The Druids made a kill sometime last night and have a carcass near Soda Butte this morning. We watch two black wolves climb the slopes of Mt. Norris from Footbridge. It looks like 480M and the black wolf called "White Line." 480 is losing his winter coat, shedding strips of fur, making him look thinner than I last remember him. He and White Line head high up on the slopes, both looking back occasionally. Other Druids must be around, but I don't see them. They are bedded in the sage and grass after feeding. I just see two black wolves following an unmarked trail they have traveled many times before, until I can't see them any more. This is their territory. Like 21M and 42F and all the other Druids, this is what they do, where they go.
    Mornings begin cold, in the 30s. Today is a clear, sunny day and we want to make the most of the weather. We hike from a very crowded Artist's Point toward Ribbon Lake. Red and Pink fade into cream colored walls of the canyon. It's been several years since I've stopped to look at the falls and I am awed by the beautiful colors and power of the river. I'm afraid of heights so I keep away from the edges and focus on the colors - red to pink to tan to yellow to cream. Rushing, foaming water below. Pine trees high above, then higher still the alpine meadows. How did I miss this years before, the trail winding through woods up to the top of the canyon and down to a lily pond? In between deadfall a snowshoe hare hops. I catch only white feet joining a gray body.
    We make a loop of sorts in the Park. From Artists Point we travel to Canyon and across Cascade Meadows. I remember driving this way when the Mollie Pack weaved in and out of the trees along the road and make a mental note of all the places I saw them. I hear the echo of their howls. Big wolves, tall black and gray wolves with long legs. The creek beside along Virginia Cascade Meadows Road is running fast. The Hayden Pack used to travel this road often. We drive past a man and his son fishing above the waterfall. The Haydens and Mollies are gone.
    We stop at Indian Creek campground to walk around. A ranger driving out tells us he saw a cinnamon colored bear, but lost it. We spot a very large cow elk lying wedged between two trees. She stands to get a better look at us.

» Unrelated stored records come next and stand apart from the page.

(* If $\oplus$ is the drastic maximum $T_d'$ and $\otimes$ is a $T$-norm with no zero divisors, then $(\otimes,\oplus)$ satisfies the rearrangement inequality. If $\otimes$ is the drastic minimum $T_d$ and $\oplus$ is a $T$-conorm such that the $T$-norm $\Phi(\oplus)(x,y)=1-((1-x)\oplus(1-y))$ has no zero divisors, then $(\otimes,\oplus)$ satisfies the dual rearrangement inequality.
   Context: A uninorm is a function $\otimes:[0,1]^2\to[0,1]$ that is commutative, associative, monotonic ($x\leq y$ implies $x\otimes z\leq y\otimes z$), and has an identity element; a $T$-norm is a uninorm with identity $1$, a $T$-conorm one with identity $0$. For a $T$-norm $f$, a number $0<x<1$ is a zero divisor if there is $0<y<1$ with $f(x,y)=0$. The drastic minimum is $T_d(x,y)=\min(x,y)$ if $\max(x,y)=1$ and $0$ otherwise; the drastic maximum is $T_d'(x,y)=\max(x,y)$ if $\min(x,y)=0$ and $1$ otherwise. $(\otimes,\oplus)$ satisfies the rearrangement inequality if for every $n\geq1$, all $0\leq x_1\leq\cdots\leq x_n\leq 1$, $0\leq y_1\leq\cdots\leq y_n\leq 1$ and every permutation $\sigma$ of $\{1,\dots,n\}$, $$(x_n\otimes y_1)\oplus\cdots\oplus(x_1\otimes y_n)\leq (x_{\sigma(1)}\otimes y_1)\oplus\cdots\oplus(x_{\sigma(n)}\otimes y_n)\leq (x_1\otimes y_1)\oplus\cdots\oplus(x_n\otimes y_n),$$ and the dual rearrangement inequality if for all such data $$(x_n\oplus y_1)\otimes\cdots\otimes(x_1\oplus y_n)\geq (x_{\sigma(1)}\oplus y_1)\otimes\cdots\otimes(x_{\sigma(n)}\oplus y_n)\geq (x_1\oplus y_1)\otimes\cdots\otimes(x_n\oplus y_n).$$ *)

From HB Require Import structures.
From mathcomp Require Import all_boot all_order all_algebra all_fingroup.
From mathcomp Require Import reals.
Set Implicit Arguments. Unset Strict Implicit. Unset Printing Implicit Defensive.
Import Order.TTheory GRing.Theory Num.Theory.
Local Open Scope ring_scope.

Section Defs.
Variable R : realType.

Definition in01 (x : R) : Prop := 0 <= x <= 1.

Definition uninorm (f : R -> R -> R) : Prop :=
  [/\ (forall x y, in01 x -> in01 y -> in01 (f x y)),
      (forall x y, in01 x -> in01 y -> f x y = f y x),
      (forall x y z, in01 x -> in01 y -> in01 z -> f x (f y z) = f (f x y) z),
      (forall x y z, in01 x -> in01 y -> in01 z -> x <= y -> f x z <= f y z)
    & (exists2 e, in01 e & forall x, in01 x -> f e x = x)].

Definition Tnorm (f : R -> R -> R) : Prop :=
  uninorm f /\ forall x, in01 x -> f 1 x = x.

Definition Tconorm (f : R -> R -> R) : Prop :=
  uninorm f /\ forall x, in01 x -> f 0 x = x.

Definition no_zero_divisors (f : R -> R -> R) : Prop :=
  forall x y, 0 < x < 1 -> 0 < y < 1 -> f x y <> 0.

Definition drastic_min (x y : R) : R :=
  if Num.max x y == 1 then Num.min x y else 0.
Definition drastic_max (x y : R) : R :=
  if Num.min x y == 0 then Num.max x y else 1.

Definition Phi (oplus : R -> R -> R) (x y : R) : R :=
  1 - oplus (1 - x) (1 - y).

Definition opfold (op : R -> R -> R) (n : nat) (a : 'I_n.+1 -> R) : R :=
  foldl op (a ord0) [seq a (lift ord0 i) | i : 'I_n].

Definition nondecr (n : nat) (x : 'I_n.+1 -> R) : Prop :=
  forall i j : 'I_n.+1, (i <= j)%N -> x i <= x j.

(* Rearrangement inequality; sequences of length n+1, i.e. every length >= 1.
   x (rev_ord i) is x_{n+1-i} in 1-based indexing. *)
Definition rearrangement (otimes oplus : R -> R -> R) : Prop :=
  forall (n : nat) (x y : 'I_n.+1 -> R),
    (forall i, in01 (x i)) -> (forall i, in01 (y i)) ->
    nondecr x -> nondecr y ->
    forall s : 'S_n.+1,
      opfold oplus (fun i => otimes (x (rev_ord i)) (y i))
        <= opfold oplus (fun i => otimes (x (s i)) (y i))
      /\ opfold oplus (fun i => otimes (x (s i)) (y i))
        <= opfold oplus (fun i => otimes (x i) (y i)).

Maybe she was the ranger's bear.
    The Mammoth elk herd is scattered with a few cows enjoying the shade near the church on this warm afternoon, one with a calf. He is at least a month old and running around the lawn in between the Park residences. He jumps in the air and circles the cows. A lady with a camera gets too close and frightens the calf. He bleats and runs away, the cows running after him and charging toward the sidewalk. The visitors are getting too close, asking for trouble.
    It's early evening when the sun begins its descent and the hills turn golden. Tall grasses sway in the breeze in Little America. Near Aspen vehicles crowd the turnouts and hug the edge of the road. A young grizzly is deep in the ravine, contemplating crossing the road. He pops up at the edge of the grass about five feet from our car and looks around. He looks about two years old and 200 pounds. The bear doesn't take his time, but lopes across the road and into the sage on the other side, zigzagging up the slope toward Specimen Ridge.
    The Druids are still feeding on the carcass in the Soda Butte while a huge crowd watches from Hitching Post. 480M and a black yearling are tearing at the elk lying in the creek. The wolves are close enough to see their faces in the scope, 480 with his white muzzle and blaze, the yearling all black. Soon three other Druids plunge into the creek from the north side and swim across the water to the carcass. The creek is not deep and they quickly reach the other side and shake themselves off. The yearling is delighted to see them, prancing around. He grabs a huge piece of hide and runs around flinging it from side to side, while the other wolves, 569, 690 and another black tear at the carcass. 480M grabs the carcass and with the help of 569 starts dragging it out of the water onto the shore. It flips over into the grass and the wolves continue to tear pieces off, although the carcass is pretty clean; there is not much left. The wolves pull off what they can and run into the grass with a bone or tidbit and bed down.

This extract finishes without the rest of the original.